_Exercise requirements:_
Find the line with "Section Alpha." in the records below. Copy it and every line after it, up to and including the line with "Lemma lin_van_eq a".

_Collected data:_
Lemma poly_exists_nonroot (r : {poly k}) : r != 0 -> exists x, ~~ root r x.
Proof.
move=> r0; set xs := [seq (i%:R : k) | i <- iota 0 (size r)].
have xs_uniq : uniq xs by rewrite map_inj_uniq ?iota_uniq //; apply: char0_natr_inj.
case/boolP: (all (root r) xs) => [xs_roots|/allPn[x _ rx]]; last by exists x.
by have := max_poly_roots r0 xs_roots xs_uniq; rewrite size_map size_iota ltnn.
Qed.

(* Induct on [n]: choose the first [n] coordinates so that the leading
   coefficient of [p] in the last variable survives, then the last one. *)
Lemma mpoly_exists_nonroot n (p : {mpoly k[n]}) : p != 0 -> exists v, p.@[v] != 0.
Proof.
elim: n p => [|n IHn] p p0.
  have pC : p = (p@_0%MM)%:MP.
    by apply/mpolyP => m; rewrite mcoeffC (_ : m = 0%MM) ?eqxx ?mulr1 //; apply/mnmP => -[].
  by exists (fun _ => 0); rewrite pC mevalC; apply: contra p0 => /eqP c0; rewrite pC c0.
have [v' lc_v'] : exists v', (lead_coef (muni p)).@[v'] != 0.
  by apply: IHn; rewrite lead_coef_eq0 muni_eq0.
set r := map_poly (meval v') (muni p).
have r0 : r != 0.
  apply/eqP => /(congr1 (fun q : {poly k} => q`_(size (muni p)).-1)).
  by rewrite coef_map coef0 /= => /eqP; apply/negP.
have [x rx] := poly_exists_nonroot r0.
exists (fun i => if unlift ord_max i is Some j then v' j else x).
rewrite meval_muni unlift_none (eq_map_poly (g := meval v')) //.
by move=> q; apply: meval_eq => i /=; rewrite widen_ord_lift_max liftK.
Qed.

End Nonvanishing.

Section Alpha.
Variables (k : fieldType) (N : nat).
Implicit Types (J : {mpoly k[N.+1]} -> Prop) (d : nat).

Lemma has_degbP J d : has_degb J d <-> has_deg J d.
Proof. by rewrite /has_degb; case: excluded_middle_informative. Qed.

Lemma alpha_le J d : has_deg J d -> (alpha J <= d)%N.
Proof.
move=> Jd; rewrite /alpha; case: excluded_middle_informative => [ex|[]].
  by case: ex_minnP => e _; apply; apply/has_degbP.
by exists d; apply/has_degbP.
Qed.

Lemma has_deg_alpha J d : has_deg J d -> has_deg J (alpha J).
Proof.
move=> Jd; rewrite /alpha; case: excluded_middle_informative => [ex|[]].
  by case: ex_minnP => e /has_degbP.
by exists d; apply/has_degbP.
Qed.

Lemma alpha_sub J J' d :
  (forall F, J F -> J' F) -> has_deg J d -> (alpha J' <= alpha J)%N.
Proof.
move=> JJ' /has_deg_alpha [F [JF F_homog]].
by apply: alpha_le; exists F; split => //; apply: JJ'.
Qed.

Lemma alpha_eq J d :
  has_deg J d -> (forall e, has_deg J e -> (d <= e)%N) -> alpha J = d.
Proof.
move=> Jd d_min; apply/eqP; rewrite eqn_leq alpha_le //=.
exact/d_min/(has_deg_alpha Jd).
Qed.

End Alpha.

Section Configurations.
Variables (k : fieldType) (N : nat).
Implicit Types (a b : 'I_N.+1 -> k) (s t : nat).

Lemma lin_van_eq a b l : a =1 b -> lin_van a l -> lin_van b l.
Proof. by move=> ab [l_homog la]; split => //; rewrite -(meval_eq _ ab). Qed.

Lemma pts_ideal_restrict s t (pts : 'I_s -> 'I_N.+1 -> k) (pts' : 'I_t -> 'I_N.+1 -> k)
    (w : 'I_t -> 'I_s) F :
  (forall i, pts' i =1 pts (w i)) -> pts_ideal pts F -> pts_ideal pts' F.
Proof.
move=> pts'E IF i; apply: sub_ideal_gen (IF (w i)) => l.
by apply: lin_van_eq => j; rewrite pts'E.
Qed.

Lemma symb_pow_restrict s t (pts : 'I_s -> 'I_N.+1 -> k) (pts' : 'I_t -> 'I_N.+1 -> k)
    (w : 'I_t -> 'I_s) m F :
  (forall i, pts' i =1 pts (w i)) -> symb_pow pts m F -> symb_pow pts' m F.
Proof.
move=> pts'E IF i; apply: sub_ideal_gen (IF (w i)) => g; apply: sub_prods => l.
by apply: lin_van_eq => j; rewrite pts'E.
Qed.

Hypothesis N_gt0 : (0 < N)%N.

_Solved problem:_
Section Alpha.
Variables (k : fieldType) (N : nat).
Implicit Types (J : {mpoly k[N.+1]} -> Prop) (d : nat).

Lemma has_degbP J d : has_degb J d <-> has_deg J d.
Proof. by rewrite /has_degb; case: excluded_middle_informative. Qed.

Lemma alpha_le J d : has_deg J d -> (alpha J <= d)%N.
Proof.
move=> Jd; rewrite /alpha; case: excluded_middle_informative => [ex|[]].
  by case: ex_minnP => e _; apply; apply/has_degbP.
by exists d; apply/has_degbP.
Qed.

Lemma has_deg_alpha J d : has_deg J d -> has_deg J (alpha J).
Proof.
move=> Jd; rewrite /alpha; case: excluded_middle_informative => [ex|[]].
  by case: ex_minnP => e /has_degbP.
by exists d; apply/has_degbP.
Qed.

Lemma alpha_sub J J' d :
  (forall F, J F -> J' F) -> has_deg J d -> (alpha J' <= alpha J)%N.
Proof.
move=> JJ' /has_deg_alpha [F [JF F_homog]].
by apply: alpha_le; exists F; split => //; apply: JJ'.
Qed.

Lemma alpha_eq J d :
  has_deg J d -> (forall e, has_deg J e -> (d <= e)%N) -> alpha J = d.
Proof.
move=> Jd d_min; apply/eqP; rewrite eqn_leq alpha_le //=.
exact/d_min/(has_deg_alpha Jd).
Qed.

End Alpha.

Section Configurations.
Variables (k : fieldType) (N : nat).
Implicit Types (a b : 'I_N.+1 -> k) (s t : nat).

Lemma lin_van_eq a b l : a =1 b -> lin_van a l -> lin_van b l.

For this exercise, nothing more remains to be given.